*Aim of the task:* Please take the lines from the one holding "forall i j (x" through the one holding "rewrite hmods; case: ifP" in the data below and copy them exactly.

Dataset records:
☆ ☆ ☆ ☆ ☆ ☆ ☆
(* Consider the Distributed Guided Local Search (DGLS) algorithm described in the context, run with an evaporation rate $0<\gamma<1$, with either manner (additive or multiplicative) and any update scope (cell, table, row or column). Then at every round, every entry of every cost modifier $M_{ij}$ maintained by any agent is bounded above by $1/(1-\gamma)$.
   Context: A (binary) Distributed Constraint Optimization Problem (DCOP) consists of agents $1,\dots,n$, each controlling one variable $x_i$ with finite domain $D_i$, and binary constraint functions $f_{ij}:D_i\times D_j\to\mathbb{R}_{\ge0}$ with $f_{ji}=f_{ij}^T$; $\mathcal{N}_i$ is the set of neighbors of $i$ (agents sharing a constraint with $i$). Write $\check f_{ij}=\min_{d_i,d_j} f_{ij}(d_i,d_j)$, $\hat f_{ij}=\max_{d_i,d_j} f_{ij}(d_i,d_j)$. DGLS (Distributed Guided Local Search) is parameterized by a manner (additive $A$ or multiplicative $M$), an evaporation rate $\gamma$, and a scope ($cel$, $tab$, $row$, $col$). Each agent $i$ keeps, for each $j\in\mathcal{N}_i$, a cost modifier $M_{ij}$ (a $|D_i|\times|D_j|$ real matrix), initialized to $0$. The effective cost is $\mathrm{EffCost}(d_i,j,d_j)=f_{ij}(d_i,d_j)+M_{ij}(d_i,d_j)$ (additive) or $f_{ij}(d_i,d_j)\cdot[1+M_{ij}(d_i,d_j)]$ (multiplicative). Initially each agent picks a random value $d_i\in D_i$ and sends it to its neighbors. Rounds are synchronous; in each round agent $i$: (1) sets $\bar P_i=\emptyset$ and receives the neighbors' current values $d_j$; (2) computes $d_i^*\in\arg\min_{d\in D_i}\sum_{j\in\mathcal{N}_i}\mathrm{EffCost}(d,j,d_j)$ and gain $\Delta_i=\sum_{j}[\mathrm{EffCost}(d_i,j,d_j)-\mathrm{EffCost}(d_i^*,j,d_j)]$, and exchanges gains with neighbors; (3) if $\Delta_i>0$ and $\Delta_i$ is the best improvement among itself and its neighbors, it sets $d_i\gets d_i^*$; otherwise, if no neighbor can improve (all neighbors' gains are $\le 0$), then for each $j\in\mathcal{N}_i$ it declares $f_{ij}$ violated with probability $\eta=\frac{f_{ij}(d_i,d_j)-\check f_{ij}}{\hat f_{ij}-\check f_{ij}}$, and for each violated one adds $j$ to $\bar P_i$ and sends a SYNC message to $j$; (4) lets $\tilde P_i$ be the set of neighbors from which it received SYNC this round; (5) for each $j\in\mathcal{N}_i$: first evaporates, $M_{ij}\gets\gamma M_{ij}$ entrywise, then updates with current values $d_i,d_j$: scope $cel$: if $j\in\bar P_i\cup\tilde P_i$, $M_{ij}(d_i,d_j)\mathrel{+}=1$; scope $tab$: if $j\in\bar P_i\cup\tilde P_i$, all entries of $M_{ij}$ are increased by 1; scope $row$: if $j\in\bar P_i$, $M_{ij}(d_i,d_j')\mathrel{+}=1$ for all $d_j'$; if $j\in\tilde P_i$, $M_{ij}(d_i',d_j)\mathrel{+}=1$ for all $d_i'$; if $j\in\bar P_i\cap\tilde P_i$, $M_{ij}(d_i,d_j)\mathrel{-}=1$; scope $col$: same as $row$ with the roles of the two updates exchanged (if $j\in\bar P_i$ increment column $d_j$, if $j\in\tilde P_i$ increment row $d_i$, and subtract 1 at $(d_i,d_j)$ if both); (6) sends its value $d_i$ to its neighbors. *)

From HB Require Import structures.
From mathcomp Require Import all_boot all_order all_algebra.
Set Implicit Arguments. Unset Strict Implicit. Unset Printing Implicit Defensive.
Import Order.TTheory GRing.Theory Num.Theory.
Local Open Scope ring_scope.

Record DCOP (R : realFieldType) := {
  nag : nat;
  dom : 'I_nag -> nat;
  adj : rel 'I_nag;
  #[canonical=no] cf  : forall i j : 'I_nag, 'I_(dom i) -> 'I_(dom j) -> R;
  adj_sym : forall i j : 'I_nag, adj i j = adj j i;
  adj_irr : forall i : 'I_nag, ~~ adj i i;
  cf_ge0 : forall (i j : 'I_nag) (a : 'I_(dom i)) (b : 'I_(dom j)), 0 <= @cf i j a b;
  cf_sym : forall (i j : 'I_nag) (a : 'I_(dom i)) (b : 'I_(dom j)),
             @cf j i b a = @cf i j a b
}.

Arguments nag {R} d.
Arguments dom {R} d _.
Arguments adj {R} d _ _.
Arguments cf {R} d i j _ _.

Inductive manner := Additive | Multiplicative.
Inductive scope := Cel | Tab | Row | Col.

(* State of the system at the beginning of a round: current values d_i and
   cost modifiers M_ij (only those with adj i j are used / maintained). *)
Record state (R : realFieldType) (P : DCOP R) := {
  vals : forall i : 'I_(nag P), 'I_(dom P i);
  mods : forall i j : 'I_(nag P), 'M[R]_(dom P i, dom P j)
}.

Unset Implicit Arguments.
Section DGLS.
Variables (R : realFieldType) (P : DCOP R).
Local Notation I := 'I_(nag P).

Definition effcost (mn : manner) (fv mv : R) : R :=
  match mn with
  | Additive => fv + mv
  | Multiplicative => fv * (1 + mv)
  end.

Definition localcost (mn : manner) (s : state P) (i : I) (d : 'I_(dom P i)) : R :=
  \sum_(j : I | adj P i j)
     effcost mn (cf P i j d (vals s j)) (mods s i j d (vals s j)).

Definition gain (mn : manner) (s : state P) (i : I) (dstar : 'I_(dom P i)) : R :=
  localcost mn s i (vals s i) - localcost mn s i dstar.

(* check f_ij and hat f_ij (a, b are any points of the domain, used only as
   the seed of the finite min/max; the result does not depend on them) *)
Definition fmin (i j : I) (a : 'I_(dom P i)) (b : 'I_(dom P j)) : R :=
  \big[Num.min/cf P i j a b]_(p : 'I_(dom P i) * 'I_(dom P j)) cf P i j p.1 p.2.
Definition fmax (i j : I) (a : 'I_(dom P i)) (b : 'I_(dom P j)) : R :=
  \big[Num.max/cf P i j a b]_(p : 'I_(dom P i) * 'I_(dom P j)) cf P i j p.1 p.2.

Definition eta (i j : I) (a : 'I_(dom P i)) (b : 'I_(dom P j)) : R :=
  (cf P i j a b - fmin i j a b) / (fmax i j a b - fmin i j a b).

(* step (5): evaporation then scope update; inP = (j \in Pbar_i),
   inT = (j \in Ptilde_i), (a, b) = current (d_i, d_j). *)
Definition update (sc : scope) (gamma : R) (inP inT : bool) (m k : nat)
    (a : 'I_m) (b : 'I_k) (M : 'M[R]_(m, k)) : 'M[R]_(m, k) :=
  \matrix_(x < m, y < k)
    (gamma * M x y +
     match sc with
     | Cel => ((inP || inT) && (x == a) && (y == b))%:R
     | Tab => (inP || inT)%:R
     | Row => (inP && (x == a))%:R + (inT && (y == b))%:R
              - (inP && inT && (x == a) && (y == b))%:R
     | Col => (inP && (y == b))%:R + (inT && (x == a))%:R
              - (inP && inT && (x == a) && (y == b))%:R
     end).

Definition initial (s : state P) : Prop := forall i j, mods s i j = 0.

(* One synchronous round of DGLS, as a relation between the state before and
   after the round; all random / unspecified choices (argmin ties, tie-breaking
   among equal best gains, outcomes of the violation coins) are existentially
   quantified, constrained to be outcomes the algorithm can produce. *)
Definition step (mn : manner) (sc : scope) (gamma : R) (s s' : state P) : Prop :=
  exists (dstar : forall i : I, 'I_(dom P i)) (move : pred I) (Pbar : I -> pred I),
    let Delta := fun i : I => gain mn s i (dstar i) in
    let quiet := fun i : I => ~~ move i /\ (forall k, adj P i k -> Delta k <= 0) in
    (forall i d, localcost mn s i (dstar i) <= localcost mn s i d) /\
    (forall i, move i -> 0 < Delta i /\ forall j, adj P i j -> Delta j <= Delta i) /\
    (forall i, 0 < Delta i -> (forall j, adj P i j -> Delta j < Delta i) -> move i) /\
    (* (3) violation declarations, only by non-moving agents none of whose
           neighbours can improve, with probability eta (so possible only
           when eta > 0, and non-declaration possible only when eta < 1) *)
    (forall i j, Pbar i j ->
       [/\ adj P i j, quiet i & 0 < eta i j (vals s i) (vals s j)]) /\
    (forall i j, adj P i j -> quiet i -> ~~ Pbar i j ->
       eta i j (vals s i) (vals s j) < 1) /\
    (forall i, vals s' i = if move i then dstar i else vals s i) /\
    (* (4),(5) Ptilde_i = {j | i \in Pbar_j}; modifier updates *)
    (forall i j, mods s' i j =
       if adj P i j then
         update sc gamma (Pbar i j) (Pbar j i) (dom P i) (dom P j) (vals s' i) (vals s j) (mods s i j)
       else mods s i j).

End DGLS.
Set Implicit Arguments.
Arguments initial {R P}.
Arguments step {R P}.

From mathcomp Require Import all_boot all_order all_algebra.
From mathcomp Require Import ring lra.
Set Implicit Arguments. Unset Strict Implicit.
Import Order.TTheory GRing.Theory Num.Theory.
Local Open Scope ring_scope.

(* Each round multiplies every entry by [gamma] and then adds at most [1] to
   it (for the row and column scopes, the subtracted cell keeps the crossing
   point of the incremented row and column at [+1]).  Hence any [c] with
   [gamma c + 1 <= c] that bounds the modifiers keeps bounding them; the least
   such [c] is [1 / (1 - gamma)], and it bounds the initial zero modifiers. *)

Section Update.
Variables (R : realFieldType) (sc : scope) (gamma : R) (inP inT : bool).
Variables (m k : nat) (a : 'I_m) (b : 'I_k) (M : 'M[R]_(m, k)).

Lemma update_le_evap_add1 x y :
  update R sc gamma inP inT m k a b M x y <= gamma * M x y + 1.
Proof.
rewrite mxE lerD2l.
by case: sc; case: inP; case: inT; case: (x == a); case: (y == b) => /=; lra.
Qed.

End Update.

Lemma evaporation_fixpoint (R : realFieldType) (gamma : R) :
  gamma < 1 -> gamma * (1 / (1 - gamma)) + 1 = 1 / (1 - gamma).
Proof. by move=> hg1; field; rewrite subr_eq0 gt_eqF. Qed.

Section Invariant.
Variables (R : realFieldType) (P : DCOP R) (mn : manner) (sc : scope).
Variables (gamma c : R).
Hypotheses (hg0 : 0 <= gamma) (hc : gamma * c + 1 <= c).

Definition mods_le (s : state P) : Prop :=
  forall i j (x : 'I_(dom P i)) (y : 'I_(dom P j)), mods s i j x y <= c.

Lemma step_mods_le (s s' : state P) :
  step mn sc gamma s s' -> mods_le s -> mods_le s'.
Proof.
move=> [dstar [move [Pbar [_ [_ [_ [_ [_ [_ hmods]]]]]]]]] hs i j x y.
rewrite hmods; case: ifP => _; last exact: hs.
apply: le_trans (update_le_evap_add1 sc gamma (Pbar i j) (Pbar j i) _ _ _ x y) _.
by apply: le_trans hc; rewrite lerD2r ler_wpM2l.
Qed.

End Invariant.

Theorem theorem1 (R : realFieldType) (P : DCOP R) (mn : manner) (sc : scope)
  (gamma : R) (hg0 : 0 < gamma) (hg1 : gamma < 1)
  (run : nat -> state P)
  (hinit : initial (run 0%N))
  (hstep : forall t : nat, step mn sc gamma (run t) (run t.+1)) :
  forall (t : nat) (i j : 'I_(nag P)), adj P i j ->
  forall (a : 'I_(dom P i)) (b : 'I_(dom P j)),
    mods (run t) i j a b <= 1 / (1 - gamma).
Proof.
have hc : gamma * (1 / (1 - gamma)) + 1 <= 1 / (1 - gamma).
  by rewrite evaporation_fixpoint.
have hinv t : mods_le (1 / (1 - gamma)) (run t).
  elim: t => [|t IH]; last exact: (step_mods_le (ltW hg0) hc (hstep t)) IH.
  by move=> i j x y; rewrite hinit mxE divr_ge0 // subr_ge0 ltW.
by move=> t i j _; apply: hinv.
Qed.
☆ ☆ ☆ ☆ ☆ ☆ ☆
*Exercise solution:*
  forall i j (x : 'I_(dom P i)) (y : 'I_(dom P j)), mods s i j x y <= c.

Lemma step_mods_le (s s' : state P) :
  step mn sc gamma s s' -> mods_le s -> mods_le s'.
Proof.
move=> [dstar [move [Pbar [_ [_ [_ [_ [_ [_ hmods]]]]]]]]] hs i j x y.
rewrite hmods; case: ifP => _; last exact: hs.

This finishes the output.